Today’s transnational corporations are yesterday’s colonizers and exploiters. As an example, let us not forget the East India Company of the 1700’s. It seemed at first to be merely a British company which colonized India and controlled major ports in China while being exempted from the taxation of the imported commodities to the colonies in America. The East India Company engineered the opium exports from India to China which led to the Opium War in order to serve their own corporate aims. It was a company which, driven by the greed for profit and domination of resources, exploited people and violated their rights around the world. Historical chronicles relay their ruthless policies, which led to mutinies and revolutions in America and India among other places in Southeast Asia.
These manipulations for profit are examples from the 18th and 19th centuries. Today, although outright territorial colonization like this has generally subsided, powerful transnational companies still try to dominate the world market with identical aims of profit and domination, exploiting people and countries but in more modern ways – with marketing, advertising, mergers, tax manipulations, price controls, and monopolies. They have turned into giant ‘neocolonial’ powers that do not need lands to physically colonize, but want to maintain the same kind of power and militaries to protect their investments and markets, especially in defenseless countries. Their ultimate goal is to make profits, from the populations of their own or foreign countries.
One can see that even though a company is theoretically based in a country, its actions are not truly in the service of that country. The use of a nation’s flag by the lobbyists or those who represent the interest of these corporations is deceptive because they want people feel they act in the interest of the country. In fact, their interest is in ownership and profit-making, not in patriotism. They put their own interests ahead of that of the nation. the tax breaks and privileges they receive and the power of their lobbies to influence politics and policies reveals that in a very real sense, corporations own the country.
We need a new generation of politicians who can develop a fresh and workable paradigm, who can offer dignified solutions to curb the financial as well as political power of these transnational companies. One of the first steps should be to limit or even ban lobbies. Why are lobbies necessary, or even permissible, in a democracy? In addition, corporations should be required to do more to share their dividends and profits with the human beings who make up society, both their employees and consumers as well as those who live in the margin of society and can’t afford to be consumers.

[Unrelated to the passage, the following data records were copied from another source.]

Lemma risk_parity_of_inv_subgradient y : (0 < n)%N -> (forall i, 0 < y i) ->
  subgradient f y (fun i => (y i)^-1) ->
  risk_parity f (fun i => (\sum_j y j)^-1 * y i).
Proof.
move=> n_gt0 y_gt0 y_sub; pose S := \sum_j y j.
have S_gt0 : 0 < S.
  apply: lt_le_trans (y_gt0 (Ordinal n_gt0)) _.
  exact: ler_sum_single (fun j => ltW (y_gt0 j)).
have S_inv_ge0 : 0 <= S^-1 by rewrite invr_ge0 ltW.
split; first split=> [i|]; first by rewrite mulr_ge0 // ltW.
  by rewrite -mulr_sumr mulVf ?gt_eqF.
exists (fun i => (y i)^-1), S^-1; split; first exact: subgradient_scale.
by move=> i; rewrite -mulrA mulfV ?mulr1 // gt_eqF.
Qed.

End RiskParity.

Theorem risk_parity_exists_unique (R : realType) (n : nat) (f : ('I_n -> R) -> R) :
  (0 < n)%N ->
  (forall (c : R) x, 0 <= c -> f (fun i => c * x i) = c * f x) ->
  (forall x y, f (fun i => x i + y i) <= f x + f y) ->
  continuous (fun v : 'rV[R]_n => f (v ord0)) ->
  (forall x, in_simplex x -> 0 < f x) ->
  exists x, risk_parity f x /\ forall y, risk_parity f y -> forall i, y i = x i.
Proof.
move=> n_gt0 f_homo f_subadd f_cont f_pos.
have [m m_gt0 f_ge] := sublinear_ge_sum f_homo f_cont f_pos n_gt0.
have [y y_gt0 y_min] := log_barrier_has_min f_cont m_gt0 f_ge.
have y_sub := log_barrier_min_subgradient (sublinear_convex f_homo f_subadd) y_gt0 y_min.
have rp_y := risk_parity_of_inv_subgradient f_homo n_gt0 y_gt0 y_sub.
exists (fun i => (\sum_j y j)^-1 * y i); split=> // x.
exact: risk_parity_unique f_homo f_pos _ _ rp_y.
Qed.

Section MeanAbsoluteDeviation.
Variables (R : realType) (n T : nat) (r : 'I_n -> 'I_T -> R).

Lemma MAD_ge0 x : 0 <= MAD r x.
Proof. by rewrite mulr_ge0 ?invr_ge0 ?ler0n ?sumr_ge0. Qed.

Lemma MAD_homo (c : R) x : 0 <= c -> MAD r (fun i => c * x i) = c * MAD r x.
Proof.
move=> c_ge0; rewrite /MAD [RHS]mulrCA [in RHS]mulr_sumr; congr (_ * _).
apply: eq_bigr => t _.
rewrite -[c in RHS]ger0_norm // -normrM mulr_sumr.
by congr `|_|; apply: eq_bigr => i _; rewrite mulrCA.
Qed.

Lemma MAD_subadd x y : MAD r (fun i => x i + y i) <= MAD r x + MAD r y.
Proof.
rewrite /MAD -mulrDr ler_wpM2l ?invr_ge0 ?ler0n // -big_split /=.
apply: ler_sum => t _; apply: le_trans (ler_normD _ _); rewrite -big_split /=.
by under eq_bigr do rewrite mulrDr.
Qed.

Lemma MAD_continuous : continuous (fun v : 'rV[R]_n => MAD r (v ord0)).
Proof.
move=> v; have mulr_cont (c : R) (g : 'rV[R]_n -> R) : {for v, continuous g} ->
    {for v, continuous (fun u => c * g u)}.
  by move=> g_cont; apply: continuousM g_cont; exact: cst_continuous.
apply: (mulr_cont); apply: continuous_sum => t.
apply: (continuous_comp (f := fun u : 'rV[R]_n => _)); last exact: norm_continuous.
by apply: continuous_sum => i; apply: mulr_cont; exact: coord_continuous.
Qed.
(* In the setting below, with $\mathcal{S}=\{j_1<\dots<j_s\}$ and $A=(\mathrm{Id}-B_{j_s})\cdots(\mathrm{Id}-B_{j_1})$, we have $\|A\|_2<1$.
   Context: Setting: $f:\mathbb{R}^p\to\mathbb{R}$ convex, differentiable with Lipschitz gradient; $g_j:\mathbb{R}\to\mathbb{R}\cup\{+\infty\}$ proper closed convex; $x^\star$ a minimizer of $f(x)+\sum_jg_j(x_j)$; $\mathcal{S}=\{j:\partial g_j(x^\star_j)\text{ is a singleton}\}$; $g_j$ is $\mathcal{C}^2$ near $x^\star_j$ for $j\in\mathcal{S}$, $f$ is $\mathcal{C}^2$ near $x^\star$, and $\nabla^2_{\mathcal{S},\mathcal{S}}f(x^\star)\succ0$. Step sizes $0<\gamma_j\le1/L_j$, $L_j$ the coordinatewise Lipschitz constant of $\nabla_jf$. For $j\in\mathcal{S}$, $z^\star_j=x^\star_j-\gamma_j\nabla_jf(x^\star)$, $p_j>0$ the derivative of $\operatorname{prox}_{\gamma_jg_j}$ at $z^\star_j$, $u_j=\frac1{\gamma_jp_j}-\frac1{\gamma_j}$, $M=\nabla^2_{\mathcal{S},\mathcal{S}}f(x^\star)+\operatorname{diag}(u)$ (symmetric positive definite), $M^{1/2}$ its symmetric square root, and $B_j=\gamma_jp_j\,M^{1/2}_{:,j}(M^{1/2}_{:,j})^\top\in\mathbb{R}^{s\times s}$. $\|\cdot\|_2$ is the spectral norm. *)

From HB Require Import structures.
From mathcomp Require Import all_boot all_order all_algebra.
From mathcomp Require Import all_classical all_reals all_analysis.
Unset Strict Implicit. Unset Printing Implicit Defensive.
Import Order.TTheory GRing.Theory Num.Theory.
Import numFieldNormedType.Exports.
Local Open Scope classical_set_scope.
Local Open Scope ring_scope.

Section Defs.
Context {R : realType}.

Definition ecoord {p : nat} (j : 'I_p) : 'rV[R]_p := delta_mx 0 j.

Definition partial {p : nat} (j : 'I_p) (f : 'rV[R]_p -> R) (x : 'rV[R]_p) : R :=
  'D_(ecoord j) f x.

Definition gradf {p : nat} (f : 'rV[R]_p -> R) (x : 'rV[R]_p) : 'rV[R]_p :=
  \row_j partial j f x.

Definition hessian {p : nat} (f : 'rV[R]_p -> R) (x : 'rV[R]_p) (j k : 'I_p) : R :=
  partial k (partial j f) x.

Definition convex_fun {p : nat} (f : 'rV[R]_p -> R) :=
  forall (x y : 'rV[R]_p) (t : R), 0 <= t <= 1 ->
    f (t *: x + (1 - t) *: y) <= t * f x + (1 - t) * f y.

The clubs of the billionaire people and corporations or the power-mongers of capitalism carry little patriotic sentiment and rarely, if ever, do they conduct their businesses for altruistic aims. Only by wresting democracy itself back from the tentacles of the corporations can democracy change the course of future history where ordinary citizens can determine their own destiny. The beauty of democracy will be manifested when people face events of their lives which they can plan themselves, not have them it engineered for them. In a democracy people determine the course of events (history), not the military generals or corporate CEOs.
The evolution of democracy and planning one’s own destiny are based on mass movements and the consequent participation in implementing financial and social justice through honest good governance, cooperation and generosity, with the goal of equally decent lives for everyone.